From: Lawrence Paulson <lp15@cam.ac.uk>
If a chain is necessarily indexed by the natural numbers, then your problem is trivial. Without that restriction, the set of countable ordinals is a counterexample to your proposition. This set is totally ordered, and uncountable.

--lcp

view this post on Zulip Email Gateway (Aug 19 2022 at 17:28):

From: Till Mossakowski <mossakow@iws.cs.uni-magdeburg.de>
Of course, the union of a countable chain of countable sets is countable
again.
However, the union of an uncountable chain of countable sets generally
is not, nor can such a chain be represented as object of type "nat =>
nat => 'a".

Best, Till

view this post on Zulip Email Gateway (Aug 19 2022 at 17:28):

From: Christian Sternagel <c.sternagel@gmail.com>
On Mar 20, 2015 22:42, "Joachim Breitner" <breitner@kit.edu> wrote:

Hi,

Am Freitag, den 20.03.2015, 16:15 +0100 schrieb Bertram Felgenhauer:

Andreas Lochbihler wrote:

I am wondering whether the countable sets ordered by inclusion forms a
chain-complete partial order.

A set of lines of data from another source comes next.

(* If a Tychonoff space $X$ contains an infinite discrete clopen subset, then $X$ does not have CSHP.
   Context: For a Tychonoff space $Y$, $\operatorname{Homeo}_{cpt}(Y)$ is the group of homeomorphisms of $Y$ with compact support $\operatorname{cl}_Y\{y\mid h(y)\neq y\}$; each extends to a homeomorphism of $\beta Y$ that is the identity on $\beta Y\setminus Y$, and $\operatorname{Homeo}_{cpt}(Y)$ is given the compact-open topology induced from $\beta Y$. For compact $K\subseteq Y$, $\operatorname{Homeo}_K(Y)$ is the subgroup of homeomorphisms fixing every point outside $K$. $Y$ has CSHP if the colimit space topology on $\bigcup_{K\in\mathscr K(Y)}\operatorname{Homeo}_K(Y)=\operatorname{Homeo}_{cpt}(Y)$, namely $\{U\mid U\cap\operatorname{Homeo}_K(Y)\text{ open in }\operatorname{Homeo}_K(Y)\ \forall K\}$ ($\mathscr K(Y)$ the compact subsets of $Y$), coincides with the topology of $\operatorname{Homeo}_{cpt}(Y)$. *)

From HB Require Import structures.
From mathcomp Require Import all_boot all_order all_algebra.
From mathcomp Require Import all_classical all_reals all_analysis.
From mathcomp Require Import Rstruct Rstruct_topology.

Set Implicit Arguments.
Unset Strict Implicit.
Unset Printing Implicit Defensive.

Local Open Scope classical_set_scope.

Definition Tychonoff (X : topologicalType) : Prop :=
  completely_regular_space X /\ hausdorff_space X.

Definition is_homeo (X : topologicalType) (h : X -> X) : Prop :=
  exists g : X -> X, [/\ cancel h g, cancel g h, continuous h & continuous g].

Definition HomeoCpt (X : topologicalType) : set (X -> X) :=
  [set h | is_homeo h /\ compact (closure [set x | h x <> x])].

Definition HomeoK (X : topologicalType) (K : set X) : set (X -> X) :=
  [set h | @HomeoCpt X h /\ forall x, ~ K x -> h x = x].

Definition is_stone_cech (X B : topologicalType) (e : X -> B) : Prop :=
  [/\ compact [set: B] /\ hausdorff_space B,
      continuous e /\ injective e,
      (forall U : set X, open U ->
         exists V : set B, open V /\ e @` U = V `&` range e),
      closure (range e) = [set: B] &
      forall (K : topologicalType) (f : X -> K),
        compact [set: K] -> hausdorff_space K -> continuous f ->
        exists g : B -> K, continuous g /\ forall x, g (e x) = f x].

Definition ext (X B : topologicalType) (e : X -> B) (h : X -> X) : B -> B :=
  fun b => match pselect (exists x, e x = b) with
           | left P => e (h (projT1 (cid P)))
           | right _ => b
           end.

(* Open sets of Homeo_cpt(X) in the compact-open topology induced from B
   (via h |-> ext e h into the compact-open topology on B -> B). *)
Definition cpt_open (X B : topologicalType) (e : X -> B) (U : set (X -> X)) :
  Prop :=
  exists W : set {compact-open, B -> B},
    open W /\ U = @HomeoCpt X `&` (fun h => ext e h) @^-1` W.

(* Open sets of the colimit topology: U meets every Homeo_K(X), K compact,
   in a relatively open set of Homeo_K(X) (with its subspace topology). *)
Definition colim_open (X B : topologicalType) (e : X -> B) (U : set (X -> X)) :
  Prop :=
  forall K : set X, compact K ->
    exists U' : set (X -> X), cpt_open e U' /\ U `&` HomeoK K = U' `&` HomeoK K.

Definition CSHP (X B : topologicalType) (e : X -> B) : Prop :=
  forall U : set (X -> X), U `<=` @HomeoCpt X ->
    (cpt_open e U <-> colim_open e U).

Definition infinite_discrete_clopen (X : topologicalType) (D : set X) : Prop :=
  [/\ infinite_set D,
      (forall d, D d -> exists U : set X, open U /\ U `&` D = [set d]),
      open D & closed D].

From mathcomp Require Import all_boot all_order all_algebra.
From mathcomp Require Import all_classical all_reals all_analysis.
From mathcomp Require Import finmap.
Local Open Scope classical_set_scope.

(* Let U be the set of compactly supported homeomorphisms sending no point of
   the infinite closed discrete set D to another point of D.  A compact K meets
   D in finitely many points, and on Homeo_K(X) membership in U only depends on
   the images of those points, so U is open in the colimit topology.  But U is
   not open in the compact-open topology induced from beta X: it contains the
   identity, and every basic neighbourhood {g | g(K_i) <= O_i, i < n} of the
   identity contains the transposition of two points of D that lie in exactly
   the same K_i, which exist by the pigeonhole principle. *)

Section Transposition.
Context {T : eqType}.

Definition transp (a b x : T) : T :=
  if x == a then b else if x == b then a else x.

Lemma transpL (a b : T) : transp a b a = b.
Proof. by rewrite /transp eqxx. Qed.

Lemma transpR (a b : T) : transp a b b = a.
Proof. by rewrite /transp eqxx; case: eqP. Qed.

Lemma transp_out (a b x : T) : x <> a -> x <> b -> transp a b x = x.
Proof. by rewrite /transp => /eqP/negbTE -> /eqP/negbTE ->. Qed.

Lemma transpK (a b : T) : involutive (transp a b).
Proof.
move=> x; case: (eqVneq x a) => [->|xa]; first by rewrite transpL transpR.
case: (eqVneq x b) => [->|xb]; first by rewrite transpR transpL.
by rewrite !transp_out //; apply/eqP.
Qed.

Lemma transp_moved (a b : T) : a <> b -> [set x | transp a b x <> x] = [set a; b].
Proof.
move=> ab; apply/seteqP; split => x /=.
  by apply: contra_notP => /not_orP[xa xb]; rewrite transp_out.
by case=> ->; rewrite ?transpL ?transpR // => /esym.
Qed.

End Transposition.

Lemma transp_continuous {T : topologicalType} (a b : T) :
  open [set a] -> open [set b] -> closed [set a] -> closed [set b] ->
  continuous (transp a b).
Proof.
move=> oa ob ca cb x.
case: (eqVneq x a) => [->|xa].
  apply: (near_cst_continuous b); apply: filterS (open_nbhs_nbhs (conj oa erefl)).
  by move=> _ ->; rewrite transpL.
case: (eqVneq x b) => [->|xb].
  apply: (near_cst_continuous a); apply: filterS (open_nbhs_nbhs (conj ob erefl)).
  by move=> _ ->; rewrite transpR.
have x_off : (~` [set a] `&` ~` [set b]) x by split; apply/eqP.
have near_id : \near x, id x = transp a b x.
  apply: filterS (open_nbhs_nbhs (conj (openI (closed_openC ca) (closed_openC cb)) x_off)).
  by move=> y [ya yb]; rewrite transp_out.
rewrite /continuous_at transp_out; [|exact/eqP..].
exact: cvg_trans (near_eq_cvg near_id) cvg_id.
Qed.

Lemma transp_HomeoCpt {T : topologicalType} (a b : T) : a <> b ->
  open [set a] -> open [set b] -> closed [set a] -> closed [set b] ->
  HomeoCpt (transp a b).
Proof.
move=> ab oa ob ca cb; split.
  have transp_cont := transp_continuous a b oa ob ca cb.
  by exists (transp a b); split; try exact: transpK.
rewrite transp_moved // -(proj1 (closure_id _)); last exact: closedU.
by apply: compactU; exact: compact_set1.
Qed.

Lemma HomeoK_moved {T : topologicalType} {K : set T} {h : T -> T} (x : T) :
  HomeoK K h -> h x <> x -> K x /\ K (h x).
Proof.
move=> [[[g [hK _ _ _]] _] h_fix] hx.
by split; apply: contrapT => /h_fix; [|move/(can_inj hK)].
Qed.

Section Extension.
Context {X B : topologicalType} {e : X -> B}.
Hypothesis e_inj : injective e.

Lemma ext_e (h : X -> X) (x : X) : ext e h (e x) = e (h x).
Proof.
rewrite /ext; case: pselect => [P|]; last by case; exists x.
by case: (cid P) => x' /= /e_inj ->.
Qed.

Lemma ext_fixed (h : X -> X) (y : B) :
  (forall x, e x = y -> h x = x) -> ext e h y = y.
Proof.
rewrite /ext => h_fix; case: pselect => // P.
by case: (cid P) => x /= ex; rewrite h_fix.
Qed.

Lemma ext_transp_image {a b : X} {K : set B} :
  (K (e a) <-> K (e b)) -> ext e (transp a b) @` K `<=` K.
Proof.
move=> Kab _ [y Ky <-].
have [ya|ya] := pselect (y = e a).
  by move: Ky; rewrite ya ext_e transpL (propext Kab).
have [yb|yb] := pselect (y = e b).
  by move: Ky; rewrite yb ext_e transpR (propext Kab).
rewrite ext_fixed // => x ex.
by rewrite transp_out // => xab; [apply: ya|apply: yb]; rewrite -ex xab.
Qed.

End Extension.

Lemma infinite_set_homogeneous {T : Type} (P : seq (set T)) {D : set T} :
  infinite_set D -> exists2 D' : set T, D' `<=` D /\ infinite_set D' &
    forall p, p \in P -> forall x y, D' x -> D' y -> p x -> p y.
Proof.
elim: P D => [|p P IH] D D_inf.
  by exists D; [split|move=> p; rewrite in_nil].
have [D1 [D1D D1_inf] D1_hom] := IH D D_inf.
have [D1p_fin|D1p_inf] := pselect (finite_set (D1 `&` p)).
- exists (D1 `\` p).
    split; first by move=> x [/D1D].
    apply: sub_infinite_set (infinite_setD D1_inf D1p_fin).
    by move=> x [D1x D1px]; split => // px; apply: D1px.
  move=> q; rewrite in_cons => /orP[/eqP ->|qP] x y [D1x px] [D1y _] //.
  exact: D1_hom.
- exists (D1 `&` p); first by split => // x [/D1D].
  move=> q; rewrite in_cons => /orP[/eqP ->|qP] x y [D1x _] [D1y py] //.
  exact: D1_hom.
Qed.

Lemma infinite_set_homogeneous_pair {T : Type} (P : seq (set T)) {D : set T} :
  infinite_set D ->
  exists a b, [/\ D a, D b, a <> b & forall p, p \in P -> p a <-> p b].
Proof.
move=> D_inf; have [D' [D'D D'_inf] D'_hom] := infinite_set_homogeneous P D_inf.
have [a D'a] := infinite_setN0 D'_inf.
have [b [D'b ba]] := infinite_setN0 (infinite_setD D'_inf (finite_set1 a)).
by exists a, b; split; [exact: D'D..|move=> ab; apply: ba|split; exact: D'_hom].
Qed.

Lemma cofinite_in_properfilter {T : Type} {A : set T} :
  infinite_set A -> ProperFilter [set S | finite_set (A `\` S)].
Proof.
move=> A_inf; split; first by rewrite /= setD0.
split => /=; first by rewrite setDT.
  by move=> S1 S2 /= S1_cofin S2_cofin; rewrite setDIr finite_setU.
by move=> S1 S2 S12; apply: sub_finite_set; apply: setDS.
Qed.

Lemma compact_isolatedI_finite {T : topologicalType} {K D : set T} :
  compact K -> closed D -> (forall d, D d -> open [set d]) ->
  finite_set (K `&` D).
Proof.
move=> K_cpt D_closed D_isolated; apply: contrapT => KD_inf.
have F_proper := cofinite_in_properfilter KD_inf.
have FK : finite_set ((K `&` D) `\` K).
  by apply: (@sub_finite_set _ _ set0) => // x [[]].
have [p [Kp p_cluster]] := K_cpt _ F_proper FK.
have [Dp|nDp] := pselect (D p).
- have : ((K `&` D) `\` [set p]) `&` [set p] !=set0.
    apply: p_cluster; last exact: open_nbhs_nbhs (conj (D_isolated p Dp) erefl).
    apply: (sub_finite_set _ (finite_set1 p)) => x [KDx KDx_p].
    by apply: contrapT => xp; apply: KDx_p.
  by case=> x [[_ xp] /= px].
- have : (K `&` D) `&` ~` D !=set0.
    apply: p_cluster; last exact: open_nbhs_nbhs (conj (closed_openC D_closed) nDp).
    by rewrite /= setDv.
  by case=> x [[_ Dx] nDx].
Qed.

Lemma compact_open_avoid_open {T U : topologicalType} {I : choiceType}
    (F : set I) (x : I -> T) (y : I -> U) :
  accessible_space U -> finite_set F ->
  open ([set g | forall i, F i -> g (x i) <> y i] : set {compact-open, T -> U}).
Proof.
move=> U_T1 /finite_fsetP[S ->]; rewrite openE => g g_avoid.
have : nbhs g (\bigcap_(i in [set` S])
    [set g' : {compact-open, T -> U} | g' @` [set x i] `<=` ~` [set y i]]).
  apply: filter_bigI => i iS; apply: open_nbhs_nbhs; split.
    apply: compact_open_open; first exact: compact_set1.
    exact/closed_openC/accessible_closed_set1.
  by move=> _ [_ -> <-]; exact: g_avoid.
by apply: filterS => g' g'_avoid i iS; apply: (g'_avoid i iS); exists (x i).
Qed.

Lemma compact_open_closure {T U : topologicalType}
    (G : set {compact-open, T -> U}) (f : {compact-open, T -> U}) :
  (forall l : seq (set T * set U),
     (forall p, p \in l -> [/\ compact p.1, open p.2 & f @` p.1 `<=` p.2]) ->
     exists2 g, G g & forall p, p \in l -> g @` p.1 `<=` p.2) ->
  closure G f.
Proof.
move=> G_approx.
pose admissible (l : seq (set T * set U)) :=
  forall p, p \in l -> [/\ compact p.1, open p.2 & f @` p.1 `<=` p.2].
pose approx (l : seq (set T * set U)) : set {compact-open, T -> U} :=
  [set g | forall p, p \in l -> g @` p.1 `<=` p.2].
have F_filter : Filter (filter_from admissible approx).
  apply: filter_from_filter; first by exists [::] => p; rewrite in_nil.
  move=> l1 l2 l1_adm l2_adm; exists (l1 ++ l2).
    by move=> p; rewrite mem_cat => /orP[/l1_adm|/l2_adm].
  by move=> g g_approx; split => p pl; apply: g_approx; rewrite mem_cat pl ?orbT.
have F_cvg : filter_from admissible approx --> f.
  apply/compact_open_cvgP => K O K_cpt O_open fKO.
  exists [:: (K, O)]; first by move=> p; rewrite inE => /eqP ->.
  by move=> g /(_ (K, O) (mem_head _ _)).
move=> W /F_cvg [l l_adm lW].
have [g Gg g_approx] := G_approx l l_adm.
by exists g; split; [|exact: lW].
Qed.

Definition jump_free {T : Type} (D : set T) (h : T -> T) : Prop :=
  forall a b, D a -> D b -> a <> b -> h a <> b.

Section JumpFree.
Context {X B : topologicalType} {e : X -> B} {D : set X}.
Hypotheses (e_inj : injective e) (D_isolated : forall d, D d -> open [set d]).

Lemma colim_open_jump_free : accessible_space B -> closed D ->
  colim_open e (@HomeoCpt X `&` jump_free D).
Proof.
move=> B_T1 D_closed K K_cpt.
have KD_fin := compact_isolatedI_finite K_cpt D_closed D_isolated.
pose P := (K `&` D) `*` (K `&` D) `&` [set p | p.1 <> p.2].
pose W : set {compact-open, B -> B} := [set g | forall p, P p -> g (e p.1) <> e p.2].
exists (@HomeoCpt X `&` (fun h => ext e h) @^-1` W); split.
  exists W; split => //; apply: compact_open_avoid_open => //.
  exact/finite_setIl/finite_setX.
apply/seteqP; split => h [[h_homeo h_sep] hK]; do 2 split => //.
  move=> [a c] [[[_ Da] [_ Dc]] /= ac]; rewrite ext_e // => /e_inj.
  exact: h_sep.
move=> a b Da Db ab hab.
have ha : h a <> a by rewrite hab => /esym.
have [Ka Kb] := HomeoK_moved a hK ha.
rewrite hab in Kb.
by apply: (h_sep (a, b)); rewrite /= ?ext_e ?hab.
Qed.

Lemma not_cpt_open_jump_free : accessible_space X -> infinite_set D ->
  ~ cpt_open e (@HomeoCpt X `&` jump_free D).
Proof.
move=> X_T1 D_inf [W [W_open W_def]].
have W_id : W (id : {compact-open, B -> B}).
  have : (@HomeoCpt X `&` jump_free D) id.
    split; last by move=> a b _ _.
    split; first by exists id; split => // x; exact: cvg_id.
    rewrite (_ : [set x | id x <> x] = set0) ?closure0; first exact: compact0.
    by apply/seteqP; split => x.
  rewrite W_def => -[_ /=]; rewrite (_ : ext e id = id) //.
  by apply: funext => y; exact: ext_fixed.
pose G : set {compact-open, B -> B} :=
  [set g | exists a b, [/\ D a, D b, a <> b & g = ext e (transp a b)]].
have : closure G id.
  apply: compact_open_closure => l l_adm.
  have [a [b [Da Db ab ab_eq]]] :=
    infinite_set_homogeneous_pair [seq e @^-1` p.1 | p <- l] D_inf.
  exists (ext e (transp a b)); first by exists a, b.
  move=> p pl; have [_ _] := l_adm p pl; rewrite image_id; apply: subset_trans.
  exact: (ext_transp_image e_inj (ab_eq _ (map_f _ pl))).
move=> /(_ W (open_nbhs_nbhs (conj W_open W_id))) [_ [[a [b [Da Db ab ->]]] W_ab]].
have : (@HomeoCpt X `&` jump_free D) (transp a b).
  rewrite W_def; split => //; apply: transp_HomeoCpt => //;
    by [exact: D_isolated|exact: accessible_closed_set1].
by case=> _ /(_ a b Da Db ab); rewrite transpL.
Qed.

End JumpFree.

Theorem corollary5p6 (X B : topologicalType) (e : X -> B) :
  Tychonoff X -> is_stone_cech e ->
  (exists D : set X, infinite_discrete_clopen D) ->
  ~ CSHP e.
Proof.
move=> [_ X_T2] [[_ B_T2] [_ e_inj] _ _ _] [D [D_inf D_discrete D_open D_closed]].
have D_isolated : forall d, D d -> open [set d].
  by move=> d /D_discrete [V [V_open <-]]; exact: openI.
move=> cshp.
apply: (not_cpt_open_jump_free e_inj D_isolated (hausdorff_accessible X_T2) D_inf).
apply/(cshp _ (@subIsetl _ _ (jump_free D))).
exact: (colim_open_jump_free e_inj D_isolated (hausdorff_accessible B_T2)).
Qed.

In other words: If C is a chain of
countable
sets, is the union of all the sets in C countable again?

The answer is no. For example, let C be the least uncountable ordinal
number; then all its elements are countable, but their union is C
itself, because C is a limit ordinal.

but is C a chain, e.g. totally ordered?

I would say the answer is yes:
A countable set over 'a can be represented as "nat => 'a", a chain of
those would be "nat => nat => 'a".

Maybe it should be clarified whether we are talking about countable chains
here, or arbitrary totally ordered sets of sets?

So using any bijection

"nat => (nat × nat)", we can show that there are countable many 'a’s in
there.

Greetings,
Joachim

--
Dipl.-Math. Dipl.-Inform. Joachim Breitner
Wissenschaftlicher Mitarbeiter
http://pp.ipd.kit.edu/~breitner

view this post on Zulip Email Gateway (Aug 19 2022 at 17:28):

From: Christian Sternagel <c.sternagel@gmail.com>
Sorry for my previous odd interjection into this thread. Somehow my
mobile device managed to just show me Joachim's original mail but not
all the replies that were sent in the meantime.

chris

view this post on Zulip Email Gateway (Aug 19 2022 at 17:28):

From: Lochbihler Andreas <andreas.lochbihler@inf.ethz.ch>
Dear Bertram,

Thanks a lot for the counterexample. Of course, I was thinking of uncountable chains, which are used in the definition of the ccpo class in Complete_Partial_Order. Otherwise the question is trivial. So, there is no ccpo instance for cset :-(.

Best,
Andreas


Last updated: Nov 21 2024 at 12:39 UTC